Quando il buio della notte è immagine del buio dell’anima: la Compagnia Diaghilev scrive una bellissima pagina di teatro alla Vallisa di Bari con la sua versione di “Lungo viaggio verso la notte”, il capolavoro di Eugene O’Neill, diretta da Giuseppe Marini

A Carlotta, nel dodicesimo anniversario del nostro matrimonio

Carissima, ti offro il manoscritto originale di questo dramma d’un’antica pena, scritto con le lacrime e col sangue. In una ricorrenza così lieta può sembrare un dono triste e inopportuno. Ma tu capirai. Te lo offro come contributo al tuo amore ed alla tua tenerezza, che seppero infondere in me la fede nell’amore ed il coraggio di affrontare alfine i miei morti e scrivere questo lavoro con profonda pietà e comprensione e desiderio di perdono verso tutti e quattro i tormentati Tyrone. Mia amata, questi dodici anni sono stati un viaggio verso la luce, verso l’amore. Tu sai quanto ti sono grato, e quanto ti amo. Gene Tao House, 22 luglio 1941.

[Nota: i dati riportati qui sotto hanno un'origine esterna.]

(* Let $n$ be an odd prime and let $k_1,k_2\in\mathbb{Z}$ be such that $\sin\big(\frac{k_2\pi}{n}\big)\neq0$. Then $$\frac{\sin\big(\frac{k_1\pi}{n}\big)}{\sin\big(\frac{k_2\pi}{n}\big)}$$ is either $-1$, $0$, $1$, or irrational. *)

From Stdlib Require Import Reals ZArith Znumtheory.
Open Scope R_scope.

Definition is_rational (x : R) : Prop :=
  exists p q : Z, q <> 0%Z /\ x = IZR p / IZR q.

(* Write theta = 2 pi / N.  Since 2 is invertible modulo the odd number N,
   every sin (k pi / N) equals +- sin (j theta) with 0 <= j < N.  With
   zeta = exp (i theta), the value 2 i sin (j theta) is obtained by evaluating
   X^j - X^(N-j) at zeta, so a rational relation sin (j1 theta) = c sin (j2 theta)
   gives a rational polynomial of degree < N without constant term vanishing at
   zeta.  For N prime, 1 + X + ... + X^(N-1) is the (irreducible) minimal
   polynomial of zeta, so this polynomial is zero, and comparing coefficients
   forces j2 = j1 or j2 = N - j1, i.e. c = +-1 (or sin (j1 theta) = 0). *)

From Stdlib Require Import Reals ZArith Znumtheory Lia Lra Classical_Prop.
From mathcomp Require Import all_boot all_algebra all_field.
From mathcomp Require Import Rstruct complex ssrZ zify.
Import GRing.Theory Num.Theory.

Set Implicit Arguments.
Unset Strict Implicit.
Unset Printing Implicit Defensive.

Open Scope R_scope.

Lemma Rabs_eq_Rabs_cases (x y : R) : Rabs x = Rabs y -> x = y \/ x = - y.
Proof. by rewrite /Rabs; case: Rcase_abs; case: Rcase_abs => *; lra. Qed.

Lemma Rabs_sin_add_IZR_PI (x : R) (t : Z) :
  Rabs (sin (x + IZR t * PI)) = Rabs (sin x).
Proof.
have sin_tPI : sin (IZR t * PI) = 0 by apply: sin_eq_0_1; exists t.
have cos_tPI : cos (IZR t * PI) = 1 \/ cos (IZR t * PI) = -1.
  by have := sin2_cos2 (IZR t * PI); rewrite sin_tPI /Rsqr; nra.
rewrite sin_plus sin_tPI Rmult_0_r Rplus_0_r Rabs_mult; case: cos_tPI => ->.
- by rewrite Rabs_R1 Rmult_1_r.
- by rewrite Rabs_Ropp Rabs_R1 Rmult_1_r.
Qed.

Definition theta (N : nat) : R := 2 * PI / INR N.

Lemma INR_mul_theta N : (0 < N)%N -> INR N * theta N = 2 * PI.
Proof. by move=> N_gt0; rewrite /theta; field; apply: not_0_INR; lia. Qed.

Lemma theta_sub N j : (0 < N)%N -> (j <= N)%N ->
  INR (N - j) * theta N = 2 * PI - INR j * theta N.
Proof.
by move=> N_gt0 j_le; rewrite minus_INR ?Rmult_minus_distr_r ?INR_mul_theta //; lia.
Qed.

Lemma sin_theta_sub N j : (0 < N)%N -> (j <= N)%N ->
  sin (INR (N - j) * theta N) = - sin (INR j * theta N).
Proof. by move=> *; rewrite theta_sub // sin_minus sin_2PI cos_2PI; ring. Qed.

Lemma cos_theta_sub N j : (0 < N)%N -> (j <= N)%N ->
  cos (INR (N - j) * theta N) = cos (INR j * theta N).
Proof. by move=> *; rewrite theta_sub // cos_minus sin_2PI cos_2PI; ring. Qed.

Lemma sin_theta_gt0 N : (3 <= N)%N -> 0 < sin (theta N).
Proof.
move=> N_ge3; have N_gt2 : 2 < INR N by apply: (lt_INR 2); lia.
have := PI_RGT_0; rewrite /theta => PI_gt0; apply: sin_gt_0.
- by apply: Rdiv_lt_0_compat; lra.
- have : / INR N < / 2 by apply: Rinv_lt_contravar; nra.
  by rewrite /Rdiv; nra.
Qed.

Section OddModulus.
Local Open Scope Z_scope.

Lemma odd_Z_decomp (n k : Z) : 0 < n -> Z.odd n = true ->
  exists m t : Z, 0 <= m < n /\ k = 2 * m + n * t.
Proof.
move=> n_gt0 /Z.odd_spec[u n_eq].
(* u + 1 = (n + 1) / 2 is the inverse of 2 modulo n. *)
have := Z.div_mod (k * (u + 1)) n; have := Z.mod_pos_bound (k * (u + 1)) n n_gt0.
set m := Z.modulo _ _; set d := Z.div _ _ => m_bnd kh_eq.
by exists m, (2 * d - k); split; [| nia].
Qed.

End OddModulus.

Lemma Rabs_sin_IZR_PI_div_odd (n k : Z) : Z.lt 0 n -> Z.odd n = true ->
  exists j : nat, (j < Z.to_nat n)%N /\
    Rabs (sin (IZR k * PI / IZR n)) = Rabs (sin (INR j * theta (Z.to_nat n))).
Proof.
move=> n_gt0 n_odd; have [m [t [m_bnd ->]]] := odd_Z_decomp k n_gt0 n_odd.
exists (Z.to_nat m); split; first by lia.
rewrite /theta !INR_IZR_INZ !Z2Nat.id; try lia.
have -> : IZR (2 * m + n * t) * PI / IZR n = IZR m * (2 * PI / IZR n) + IZR t * PI.
  by rewrite plus_IZR !mult_IZR; field; apply: not_0_IZR; lia.
exact: Rabs_sin_add_IZR_PI.
Qed.

Section GeometricPoly.
Local Open Scope ring_scope.

Lemma irredp_dvdp_root (F : fieldType) (E : idomainType) (f : {rmorphism F -> E})
    (p q : {poly F}) (z : E) :
  irreducible_poly p -> root (map_poly f p) z -> root (map_poly f q) z -> p %| q.
Proof.
move=> p_irr pz qz.
have g_root : root (map_poly f (gcdp p q)) z by rewrite gcdp_map root_gcd pz.
have g_neq0 : gcdp p q != 0 by rewrite gcdp_eq0 negb_and irredp_neq0.
have g_size : size (gcdp p q) != 1%N.
  by rewrite -(size_map_poly f) neq_ltn orbC (root_size_gt1 _ g_root) // map_poly_eq0.
by rewrite -(eqp_dvdl _ (p_irr _ g_size (dvdp_gcdl p q))) dvdp_gcdr.
Qed.

Lemma prim_root_prime (R : idomainType) p (z : R) :
  prime p -> z ^+ p = 1 -> z != 1 -> p.-primitive_root z.
Proof.
move=> p_prime zp z_neq1.
have [m m_prim m_dvd] := prim_order_exists (prime_gt0 p_prime) zp.
case/primeP: p_prime => _ /(_ m m_dvd) /orP[/eqP m1 | /eqP <- //].
move: m_prim z_neq1; rewrite m1 => /prim_expr_order; rewrite expr1 => ->.
by rewrite eqxx.
Qed.

Definition geometric_poly (p : nat) : {poly rat} := \poly_(i < p) 1.

Lemma size_geometric_poly p : size (geometric_poly p) = p.
Proof. by rewrite size_poly_eq // oner_eq0. Qed.

Lemma geometric_poly_neq0 p : (0 < p)%N -> geometric_poly p != 0.
Proof. by rewrite -size_poly_eq0 size_geometric_poly -lt0n. Qed.

Lemma horner_geometric_poly (F : numFieldType) p (z : F) :
  (map_poly ratr (geometric_poly p)).[z] = \sum_(i < p) z ^+ i.
Proof.
rewrite horner_coef size_map_poly size_geometric_poly.
by apply: eq_bigr => i _; rewrite coef_map coef_poly ltn_ord [_ 1]rmorph1 mul1r.
Qed.

Lemma root_geometric_poly (F : numFieldType) p (z : F) : (0 < p)%N ->
  root (map_poly ratr (geometric_poly p)) z = (z ^+ p == 1) && (z != 1).
Proof.
move=> p_gt0; rewrite rootE horner_geometric_poly.
have [->|z_neq1] := eqVneq z 1.
  rewrite andbF (eq_bigr (fun=> 1)) => [|i _]; last exact: expr1n.
  by rewrite sumr_const card_ord pnatr_eq0 eqn0Ngt p_gt0.
by rewrite andbT -[z ^+ p == 1]subr_eq0 subrX1 mulf_eq0 subr_eq0 (negbTE z_neq1).
Qed.

Lemma geometric_poly_irreducible p : prime p -> irreducible_poly (geometric_poly p).
Proof.
move=> p_prime; have p_gt0 := prime_gt0 p_prime.
split=> [|d d_size d_dvd]; first by rewrite size_geometric_poly prime_gt1.
have d_neq0 : d != 0.
  by apply: contraTneq d_dvd => ->; rewrite dvd0p geometric_poly_neq0.
have [w w_root] : exists w : algC, root (map_poly ratr d) w.
  by apply/closed_rootP; rewrite size_map_poly.
have : root (map_poly ratr (geometric_poly p)) w.
  by apply: root_dvdp w_root; rewrite dvdp_map.
rewrite root_geometric_poly // => /andP[/eqP w_p w_neq1].
have w_prim := prim_root_prime p_prime w_p w_neq1.
have [m [Dm _] m_dvd] := minCpolyP w.
have m_size : size m = p.
  rewrite -(size_map_poly (@ratr algC)) -Dm (minCpoly_cyclotomic w_prim).
  by rewrite size_cyclotomic totient_prime // prednK.
rewrite -dvdp_size_eqp // size_geometric_poly eqn_leq.
rewrite -{1}(size_geometric_poly p) dvdp_leq ?geometric_poly_neq0 //=.
by rewrite -m_size dvdp_leq // -m_dvd.
Qed.

Lemma geometric_poly_dvd_eq0 p (q : {poly rat}) : (0 < p)%N ->
  geometric_poly p %| q -> (size q <= p)%N -> q`_0 = 0 -> q = 0.
Proof.
move=> p_gt0 /dvdpP[r ->] q_size q0.
have [->|r_neq0] := eqVneq r 0; first by rewrite mul0r.
have /size1_polyC Dr : (size r <= 1)%N.
  move: q_size; rewrite size_mul ?geometric_poly_neq0 // size_geometric_poly.
  by rewrite -ltnS prednK ?addn_gt0 ?p_gt0 ?orbT // -add1n leq_add2r.
move: q0; rewrite Dr coefCM coef_poly p_gt0 mulr1 => ->.
by rewrite mul0r.
Qed.

End GeometricPoly.

Section RootOfUnity.
Local Open Scope ring_scope.
Local Open Scope complex_scope.

Definition zeta (N : nat) : R[i] := cos (theta N) +i* sin (theta N).

Lemma zeta_exp N k : zeta N ^+ k = cos (INR k * theta N) +i* sin (INR k * theta N).
Proof.
elim: k => [|k IHk]; first by rewrite expr0 Rmult_0_l cos_0 sin_0.
rewrite exprSr IHk S_INR Rmult_plus_distr_r Rmult_1_l cos_plus sin_plus.
by simpc; congr (_ +i* _); rewrite addrC.
Qed.

Definition sin_poly (N j : nat) : {poly rat} := 'X^j - 'X^(N - j).

Lemma horner_sin_poly_zeta N j : (0 < N)%N -> (j <= N)%N ->
  (map_poly ratr (sin_poly N j)).[zeta N] = (sin (INR j * theta N) *+ 2)*i.
Proof.
move=> N_gt0 j_le.
rewrite rmorphB /= !map_polyXn hornerD hornerN !hornerXn !zeta_exp.
by rewrite sin_theta_sub // cos_theta_sub //; simpc; rewrite mulr2n.
Qed.

Lemma size_sin_poly N j : (0 < j < N)%N -> (size (sin_poly N j) <= N)%N.
Proof.
move=> /andP[j_gt0 j_lt]; apply: leq_trans (size_polyD _ _) _.
rewrite size_polyN geq_max !size_polyXn j_lt ltn_subrL j_gt0.
exact: ltn_trans j_gt0 j_lt.
Qed.

Lemma sin_poly_coef0 N j : (0 < j < N)%N -> (sin_poly N j)`_0 = 0.
Proof.
move=> /andP[j_gt0 j_lt].
by rewrite coefB !coefXn !(eq_sym 0%N) !eqn0Ngt j_gt0 subn_gt0 j_lt subrr.
Qed.

Lemma root_geometric_poly_zeta N : (3 <= N)%N ->
  root (map_poly ratr (geometric_poly N)) (zeta N).
Proof.
move=> N_ge3; have N_gt0 : (0 < N)%N by apply: leq_trans N_ge3.
rewrite root_geometric_poly // zeta_exp INR_mul_theta // cos_2PI sin_2PI eqxx /=.
by apply/eqP => -[_ sin0]; have := sin_theta_gt0 N_ge3; rewrite sin0 => /Rlt_irrefl.
Qed.

Lemma sin_theta_rat_dependent N (c : rat) j1 j2 : prime N -> odd N ->
  (0 < j1 < N)%N -> (0 < j2 < N)%N ->
  sin (INR j1 * theta N) = ratr c * sin (INR j2 * theta N) ->
  j2 = j1 \/ j2 = (N - j1)%N.
Proof.
move=> N_prime N_odd j1_bnd j2_bnd S_eq.
have N_ge3 : (3 <= N)%N.
  by move: (prime_gt1 N_prime) N_odd; case: N {j1_bnd j2_bnd S_eq N_prime} => [|[|[]]].
have N_gt0 : (0 < N)%N by apply: leq_trans N_ge3.
pose q := sin_poly N j1 - c%:P * sin_poly N j2.
have q_root : root (map_poly ratr q) (zeta N).
  rewrite rootE rmorphB rmorphM /= map_polyC hornerD hornerN hornerM hornerC.
  have [j1_le j2_le] : (j1 <= N)%N /\ (j2 <= N)%N.
    by case/andP: j1_bnd => _ /ltnW; case/andP: j2_bnd => _ /ltnW.
  rewrite !horner_sin_poly_zeta // S_eq.
  rewrite [X in _ - X * _](_ : _ = (ratr c)%:C); last by rewrite fmorph_rat.
  by simpc; rewrite mulrnAr subrr.
have q_eq0 : q = 0.
  apply: geometric_poly_dvd_eq0 N_gt0 _ _ _.
  - exact: irredp_dvdp_root (geometric_poly_irreducible N_prime)
      (root_geometric_poly_zeta N_ge3) q_root.
  - apply: leq_trans (size_polyD _ _) _.
    rewrite size_polyN geq_max size_sin_poly // mul_polyC.
    exact: leq_trans (size_scale_leq _ _) (size_sin_poly j2_bnd).
  - by rewrite coefB coefCM !sin_poly_coef0 // mulr0 subrr.
have j1_compl : (j1 == N - j1)%N = false.
  apply/eqP => j1_eq; move: N_odd.
  by rewrite -(subnK (ltnW (proj2 (andP j1_bnd)))) -j1_eq addnn odd_double.
have [<-|j12] := eqVneq j1 j2; first by left.
have [j1_eq|j1_neq] := eqVneq j1 (N - j2)%N; first by right; lia.
move/eqP: (congr1 (coefp j1) q_eq0); rewrite /= coefB coefCM !coefB !coefXn.
by rewrite eqxx (negbTE j12) (negbTE j1_neq) j1_compl coef0 !subr0 mulr0 subr0 oner_eq0.
Qed.

End RootOfUnity.

Lemma sin_theta_rat_ratio N (c : rat) j1 j2 : prime N -> odd N ->
  (j1 < N)%N -> (j2 < N)%N -> sin (INR j2 * theta N) <> 0 ->
  Rabs (sin (INR j1 * theta N)) = Rabs (ratr c * sin (INR j2 * theta N)) ->
  ratr c = -1 \/ ratr c = 0 \/ ratr c = 1.
Proof.
move=> N_prime N_odd j1_lt j2_lt S2_neq0 S_abs.
have absS2_neq0 := Rabs_no_R0 _ S2_neq0.
have j2_gt0 : (0 < j2)%N.
  by move: S2_neq0; case: (j2) => //=; rewrite Rmult_0_l sin_0.
have [j1_0 | j1_gt0] := posnP j1.
  move: S_abs; rewrite j1_0 Rmult_0_l sin_0 Rabs_R0 Rabs_mult.
  by move=> /esym/Rmult_integral[|//]; rewrite RabsE => /normr0_eq0; right; left.
have [c' S_eq] : exists c' : rat,
    sin (INR j1 * theta N) = ratr c' * sin (INR j2 * theta N).
  case: (Rabs_eq_Rabs_cases S_abs) => ->.
  - by exists c.
  - by exists (- c)%R; rewrite rmorphN Ropp_mult_distr_l.
have S_abs12 : Rabs (sin (INR j2 * theta N)) = Rabs (sin (INR j1 * theta N)).
  have [j1_bnd j2_bnd] : (0 < j1 < N)%N /\ (0 < j2 < N)%N.
    by rewrite j1_gt0 j2_gt0 j1_lt j2_lt.
  have N_gt0 : (0 < N)%N by apply: ltn_trans j2_gt0 j2_lt.
  case: (sin_theta_rat_dependent N_prime N_odd j1_bnd j2_bnd S_eq) => ->//.
  by rewrite sin_theta_sub ?Rabs_Ropp // ltnW.
move: S_abs; rewrite -S_abs12 Rabs_mult -{1}(Rmult_1_l (Rabs _)).
move=> /Rmult_eq_reg_r/(_ absS2_neq0) abs_c.
have /Rabs_eq_Rabs_cases[->|->] : Rabs (ratr c) = Rabs 1 by rewrite Rabs_R1.
- by right; right.
- by left.
Qed.

Lemma IZR_int_of_Z (z : Z) : IZR z = ((int_of_Z z)%:~R)%R.
Proof.
have IZR_pos p : IZR (Z.pos p) = ((Pos.to_nat p)%:R)%R.
  by rewrite IZRposE INRE Pos_to_natE.
case: z => [|p|p]; [by [] | exact: IZR_pos |].
rewrite [int_of_Z _]/= NegzE prednK; last by lia.
by rewrite -[Z.neg p]/(Z.opp (Z.pos p)) opp_IZR IZR_pos mulrNz.
Qed.

Lemma is_rational_ratr (x : R) : is_rational x -> exists c : rat, x = ratr c.
Proof.
case=> p [q [_ ->]]; exists ((int_of_Z p)%:~R / (int_of_Z q)%:~R)%R.
by rewrite fmorph_div !rmorph_int -!IZR_int_of_Z.
Qed.

Lemma prime_Z_to_nat (n : Z) : Znumtheory.prime n -> prime (Z.to_nat n).
Proof.
move=> n_prime; have n_ge2 := prime_ge_2 _ n_prime.
apply/primeP; split; first by lia.
move=> d /dvdnP[k n_eq]; have d_dvd : Z.divide (Z.of_nat d) n.
  by exists (Z.of_nat k); lia.
by case: (prime_divisors _ n_prime _ d_dvd) => ?; apply/orP; lia.
Qed.

Lemma odd_Z_to_nat (n : Z) : Z.lt 0 n -> Z.odd n = true -> odd (Z.to_nat n).
Proof.
move=> n_gt0 /Z.odd_spec[u n_eq].
have -> : Z.to_nat n = (2 * Z.to_nat u).+1 by lia.
by rewrite oddS oddM.
Qed.

Theorem corollary6 (n : Z) (k1 k2 : Z) :
  Znumtheory.prime n -> Z.odd n = true ->
  sin (IZR k2 * PI / IZR n) <> 0 ->
  let r := sin (IZR k1 * PI / IZR n) / sin (IZR k2 * PI / IZR n) in
  r = -1 \/ r = 0 \/ r = 1 \/ ~ is_rational r.
Proof.
move=> n_prime n_odd s2_neq0 r.
have n_gt0 : Z.lt 0 n by have := prime_ge_2 _ n_prime; lia.
have [/is_rational_ratr[c r_eq] | r_irr] := classic (is_rational r);
  last by right; right; right.
have [j1 [j1_lt abs_s1]] := Rabs_sin_IZR_PI_div_odd k1 n_gt0 n_odd.
have [j2 [j2_lt abs_s2]] := Rabs_sin_IZR_PI_div_odd k2 n_gt0 n_odd.
have S2_neq0 : sin (INR j2 * theta (Z.to_nat n)) <> 0.
  move=> S2_0; apply: s2_neq0.
  by move: abs_s2; rewrite S2_0 Rabs_R0 RabsE => /normr0_eq0.
have abs_S1 : Rabs (sin (INR j1 * theta (Z.to_nat n))) =
              Rabs (ratr c * sin (INR j2 * theta (Z.to_nat n))).
  by rewrite Rabs_mult -abs_s1 -abs_s2 -r_eq -Rabs_mult /r; congr Rabs; field.
have := sin_theta_rat_ratio (prime_Z_to_nat n_prime) (odd_Z_to_nat n_gt0 n_odd)
  j1_lt j2_lt S2_neq0 abs_S1.
by rewrite -r_eq; tauto.
Qed.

Con queste parole vede la luce Lungo viaggio verso la notte, uno dei massimi capolavori del teatro statunitense del Novecento, portato in scena per la prima volta nel 1956, tre anni dopo la morte del suo autore, premio Pulitzer postumo (1957) per la drammaturgia. In verità Eugene O’Neill aveva vincolato la sua casa editrice in modo che il dramma potesse essere rappresentato non meno di 25 anni dopo la sua scomparsa ma,  trasferendo i diritti all’università di Yale, la vedova Carlotta Monterey (terza moglie e dedicataria dell’opera) riuscì ad aggirare l’ostacolo per consentirne la messa in scena prima del tempo stabilito. Il perché del vincolo si comprende facilmente. “Lungo viaggio verso la notte” racconta le miserie fisiche e morali della famiglia Tyrone, e i riferimenti dell’autore alla propria famiglia sono più che evidenti: nomi identici o simili, ambientazione, tare e malattie… tutto rimanda alla sua dolorosa storia familiare. James O’Neill, suo padre, attore di successo in gioventù, era rimasto imprigionato nel ruolo di protagonista di una fortunata riduzione teatrale de Il Conte di Montecristo (più di seimila repliche). Suo fratello Jamie era alcolizzato, come il suo omonimo nel dramma. La madre Mary aveva vissuto anni di fervente cattolicesimo in un collegio dell’Indiana e infine Eugene stesso aveva viaggiato a lungo e sofferto di tubercolosi come Edmund, il figlio minore, ed era stato internato per diversi mesi in un sanatorio. Rapporti conflittuali, ambivalenze emotive, lutti che generano turbe, invidie feroci, una cupa idea di fede, schiacciante e opprimente. Una famiglia disfunzionale, nella quale certo non doveva essere stato facile vivere, con un modello che O’Neill aveva drammaticamente replicato nella sua vita segnata da amori e divorzi, fughe in cerca di avventure, alcol, fragilità fisiche e psicologiche.

Lungo viaggio verso la notte” si svolge nell’arco di una giornata nella casa in campagna (in Connecticut) dei Tyrone, nell’agosto del 1912. Il viaggio è lo svelamento dei drammatici rapporti familiari, con i quattro personaggi che si accusano a vicenda dei torti subiti, dei gesti d’amore negati, del fallimento delle loro vite. Il viaggio è anche e soprattutto il loro precipitare nell’angoscia e nella disperazione, senza alcuna possibilità di salvezza. Se all’inizio della giornata aleggia il timido tentativo di tenere in vita una parvenza di serena convivialità, una pur vaga speranza di poter affrontare i problemi che aleggiano e pian piano prendono forma, ben presto emergono antichi rancori e si assiste ad un progressivo sprofondamento nella più completa disperazione, nella follia, nel delirio.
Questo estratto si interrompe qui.